(* Assume $n_1,n_2\in(0,4)$ and (IE). Then for all $\varepsilon\in(0,1)$ and any $t\in(0,T_{max,\varepsilon})$, $$\frac12\frac{d}{dt}\int_\Omega u_{\varepsilon x}^2+\varepsilon\int_\Omega\frac{u_\varepsilon^4}{u_\varepsilon^{4-n_1}+\varepsilon}u_{\varepsilon xxx}^2+\frac{D_1}{2}\int_\Omega u_{\varepsilon xx}^2\le\chi_1\int_\Omega\Big(\frac{u_\varepsilon^{5-n_1}}{u_\varepsilon^{4-n_1}+\varepsilon}v_{\varepsilon x}\Big)_xu_{\varepsilon xx}+3\lambda_1\int_\Omega u_{\varepsilon x}^2+\frac{a_1^2}{2D_1}\int_\Omega u_\varepsilon^2v_\varepsilon^2$$ and $$\frac12\frac{d}{dt}\int_\Omega v_{\varepsilon x}^2+\varepsilon\int_\Omega\frac{v_\varepsilon^4}{v_\varepsilon^{4-n_2}+\varepsilon}v_{\varepsilon xxx}^2+\frac{D_2}{2}\int_\Omega v_{\varepsilon xx}^2\le-\chi_2\int_\Omega\Big(\frac{v_\varepsilon^{5-n_2}}{v_\varepsilon^{4-n_2}+\varepsilon}u_{\varepsilon x}\Big)_xv_{\varepsilon xx}+3\lambda_2\int_\Omega v_{\varepsilon x}^2+\frac{a_2^2}{2D_2}\int_\Omega u_\varepsilon^2v_\varepsilon^2.$$
   Context: Let $\Omega\subset\mathbb{R}$ be a bounded open interval, $D_i,a_i,\lambda_i,\chi_i>0$ ($i=1,2$), and fix $\alpha\in(0,\frac12]$. Assumption (IE): $u_0,v_0\in W^{1,2}(\Omega)$ with $u_0>0,v_0>0$ in $\overline\Omega$; for each $\varepsilon\in(0,1)$, $u_{0\varepsilon},v_{0\varepsilon}\in C^5(\overline\Omega)$ with $u_{0\varepsilon x}=u_{0\varepsilon xxx}=v_{0\varepsilon x}=v_{0\varepsilon xxx}=0$ on $\partial\Omega$; $\frac12\inf_\Omega u_0\le u_{0\varepsilon}\le u_0+1$, $\frac12\inf_\Omega v_0\le v_{0\varepsilon}\le v_0+1$ in $\Omega$; $\int_\Omega u_{0\varepsilon x}^2\le\int_\Omega u_{0x}^2+1$, $\int_\Omega v_{0\varepsilon x}^2\le\int_\Omega v_{0x}^2+1$; $u_{0\varepsilon}\to u_0$, $v_{0\varepsilon}\to v_0$ a.e. as $\varepsilon\searrow0$. Approximating problem: $u_t=-\varepsilon\big(\frac{u^4}{u^{4-n_1}+\varepsilon}u_{xxx}\big)_x+\varepsilon^{\alpha/2}(u^{-\alpha}u_x)_x+D_1u_{xx}-\chi_1\big(\frac{u^{5-n_1}}{u^{4-n_1}+\varepsilon}v_x\big)_x+\frac{3u^3}{3u^2+\varepsilon}(\lambda_1-u+a_1v)$, $v_t=-\varepsilon\big(\frac{v^4}{v^{4-n_2}+\varepsilon}v_{xxx}\big)_x+\varepsilon^{\alpha/2}(v^{-\alpha}v_x)_x+D_2v_{xx}+\chi_2\big(\frac{v^{5-n_2}}{v^{4-n_2}+\varepsilon}u_x\big)_x+\frac{3v^3}{3v^2+\varepsilon}(\lambda_2-v-a_2u)$ in $\Omega\times(0,\infty)$, $u_x=v_x=u_{xxx}=v_{xxx}=0$ on $\partial\Omega$, $u(\cdot,0)=u_{0\varepsilon}$, $v(\cdot,0)=v_{0\varepsilon}$. For $n_i\in(0,4)$ and each $\varepsilon$ it has a classical solution $(u_\varepsilon,v_\varepsilon)$, positive in $\overline\Omega\times[0,T_{max,\varepsilon})$, belonging to $\bigcap_{s\in(3/2,2)}C^0([0,T_{max,\varepsilon});W^{s,2}(\Omega))\cap C^{4,1}(\overline\Omega\times(0,T_{max,\varepsilon}))$, where $T_{max,\varepsilon}\in(0,\infty]$ is maximal: either $T_{max,\varepsilon}=\infty$ or $\limsup_{t\nearrow T_{max,\varepsilon}}\{\|u_\varepsilon(\cdot,t)\|_{W^{2,2}}+\|1/u_\varepsilon(\cdot,t)\|_{L^\infty}+\|v_\varepsilon(\cdot,t)\|_{W^{2,2}}+\|1/v_\varepsilon(\cdot,t)\|_{L^\infty}\}=\infty$. *)

From Stdlib Require Import Reals.
From Coquelicot Require Import Coquelicot.
Open Scope R_scope.

Definition in_cyl (a b : R) (T : Rbar) (x t : R) : Prop :=
  a <= x <= b /\ 0 < t /\ Rbar_lt t T.
Definition in_open_cyl (a b : R) (T : Rbar) (x t : R) : Prop :=
  a < x < b /\ 0 < t /\ Rbar_lt t T.

Definition cont_cyl (a b : R) (T : Rbar) (f : R -> R -> R) : Prop :=
  forall x t, in_cyl a b T x t ->
  forall e, 0 < e -> exists d, 0 < d /\
    forall y s, in_cyl a b T y s -> Rabs (y - x) < d -> Rabs (s - t) < d ->
      Rabs (f y s - f x t) < e.

(* u belongs to C^{4,1}( [a,b] x (0,T) ) with the partial derivatives
   u1 = u_x, u2 = u_xx, u3 = u_xxx, u4 = u_xxxx, ut = u_t : the derivatives
   exist classically in the interior and u, u1, ..., u4, ut are jointly
   continuous up to the spatial boundary (u1..u4, ut at x = a, b are the
   continuous extensions). *)
Definition C41 (a b : R) (T : Rbar) (u u1 u2 u3 u4 ut : R -> R -> R) : Prop :=
  (forall x t, in_open_cyl a b T x t ->
     is_derive (fun y => u y t) x (u1 x t) /\
     is_derive (fun y => u1 y t) x (u2 x t) /\
     is_derive (fun y => u2 y t) x (u3 x t) /\
     is_derive (fun y => u3 y t) x (u4 x t) /\
     is_derive (fun s => u x s) t (ut x t)) /\
  cont_cyl a b T u /\ cont_cyl a b T u1 /\ cont_cyl a b T u2 /\
  cont_cyl a b T u3 /\ cont_cyl a b T u4 /\ cont_cyl a b T ut.

Definition mob (eps n w : R) : R := w ^ 4 / (Rpower w (4 - n) + eps).
Definition tax (eps n w : R) : R := Rpower w (5 - n) / (Rpower w (4 - n) + eps).

(* Test the equation for [w] (u or v) with [-w_xx] and integrate by parts; the boundary
   terms vanish since [w_x = w_xxx = 0].  This produces [1/2 d/dt int w_x^2],
   [-eps int mob(w) w_xxx^2] and [-D int w_xx^2].  Adding the vanishing integral
   [(2-a)/9 int (w^(-a-1) w_x^3)_x] to the contribution [-eps^(a/2) int (w^-a w_x)_x w_xx]
   of the degenerate diffusion makes it minus the integral of a sum of squares, as
   [a <= 1/2].  For the kinetic term, with [g(w) = 3 w^3 / (3 w^2 + eps)], the part
   [g(w) (w - lam) w_xx] integrates by parts to [-int (g(w) (w - lam))' w_x^2], where
   [(g(w) (w - lam))' >= -3 lam]; the cross term [g(w) beta z w_xx] is absorbed by
   Young's inequality since [g(w) <= w]. *)

From Stdlib Require Import Reals Lra Psatz.
From Coquelicot Require Import Coquelicot.
Open Scope R_scope.

Definition clamp (a b x : R) : R := Rmax a (Rmin b x).

Definition cont_Icc (a b : R) (g : R -> R) : Prop :=
  forall x, continuous (fun y => g (clamp a b y)) x.

Lemma clamp_in a b x : a <= b -> a <= clamp a b x <= b.
Proof. intros; unfold clamp, Rmax, Rmin; repeat destruct Rle_dec; lra. Qed.

Lemma clamp_id a b x : a <= x <= b -> clamp a b x = x.
Proof. intros; unfold clamp, Rmax, Rmin; repeat destruct Rle_dec; lra. Qed.

Lemma Rabs_clamp_sub_le a b x y : a <= b ->
  Rabs (clamp a b y - clamp a b x) <= Rabs (y - x).
Proof.
  intros; unfold clamp, Rmax, Rmin; repeat destruct Rle_dec;
  unfold Rabs; repeat destruct Rcase_abs; lra.
Qed.

Section ContIcc.
Variables a b : R.
Hypothesis Hab : a <= b.

Lemma cont_Icc_const c : cont_Icc a b (fun _ => c).
Proof. intros x; apply continuous_const. Qed.

Lemma cont_Icc_plus f g :
  cont_Icc a b f -> cont_Icc a b g -> cont_Icc a b (fun x => f x + g x).
Proof.
  intros Hf Hg x.
  apply (continuous_plus (fun y => f (clamp a b y)) (fun y => g (clamp a b y))); auto.
Qed.

Lemma cont_Icc_mult f g :
  cont_Icc a b f -> cont_Icc a b g -> cont_Icc a b (fun x => f x * g x).
Proof.
  intros Hf Hg x.
  apply (continuous_mult (fun y => f (clamp a b y)) (fun y => g (clamp a b y))); auto.
Qed.

Lemma cont_Icc_opp f : cont_Icc a b f -> cont_Icc a b (fun x => - f x).
Proof. intros Hf x; apply (continuous_opp (fun y => f (clamp a b y))); auto. Qed.

Lemma cont_Icc_minus f g :
  cont_Icc a b f -> cont_Icc a b g -> cont_Icc a b (fun x => f x - g x).
Proof. intros; apply cont_Icc_plus, cont_Icc_opp; auto. Qed.

Lemma cont_Icc_pow f n : cont_Icc a b f -> cont_Icc a b (fun x => f x ^ n).
Proof.
  intros Hf; induction n as [|n IH]; simpl; [apply cont_Icc_const | apply cont_Icc_mult; auto].
Qed.

Lemma cont_Icc_comp_pos (phi : R -> R) f :
  (forall y, 0 < y -> continuous phi y) -> (forall x, a <= x <= b -> 0 < f x) ->
  cont_Icc a b f -> cont_Icc a b (fun x => phi (f x)).
Proof.
  intros Hphi Hpos Hf x.
  apply (continuous_comp (fun y => f (clamp a b y)) phi); auto.
  apply Hphi, Hpos, clamp_in, Hab.
Qed.

Lemma ex_RInt_cont_Icc f : cont_Icc a b f -> ex_RInt f a b.
Proof.
  intros Hf; apply ex_RInt_ext with (fun y => f (clamp a b y)).
  - intros x Hx; rewrite Rmin_left, Rmax_right in Hx by auto; rewrite clamp_id; lra.
  - apply (@ex_RInt_continuous R_CompleteNormedModule); intros; apply Hf.
Qed.

Lemma is_RInt_cont_Icc f : cont_Icc a b f -> is_RInt f a b (RInt f a b).
Proof. intros; apply (@RInt_correct R_CompleteNormedModule), ex_RInt_cont_Icc; auto. Qed.

Lemma cont_Icc_bounded f :
  cont_Icc a b f -> exists M, forall x, a <= x <= b -> Rabs (f x) <= M.
Proof.
  intros Hf.
  destruct (continuity_ab_maj (fun x => Rabs (f (clamp a b x))) a b Hab) as [m [Hm _]].
  - intros c _; apply continuity_pt_filterlim.
    apply (continuous_comp (fun y => f (clamp a b y)) Rabs); auto; apply continuous_Rabs.
  - exists (Rabs (f (clamp a b m))); intros x Hx.
    specialize (Hm x Hx); simpl in Hm; rewrite clamp_id in Hm; auto.
Qed.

What is needed
From the records, copy every line that has the string "forall" in it.

Response
  forall x t, in_cyl a b T x t ->
  forall e, 0 < e -> exists d, 0 < d /\
    forall y s, in_cyl a b T y s -> Rabs (y - x) < d -> Rabs (s - t) < d ->
  (forall x t, in_open_cyl a b T x t ->
  forall x, continuous (fun y => g (clamp a b y)) x.
  (forall y, 0 < y -> continuous phi y) -> (forall x, a <= x <= b -> 0 < f x) ->
  cont_Icc a b f -> exists M, forall x, a <= x <= b -> Rabs (f x) <= M.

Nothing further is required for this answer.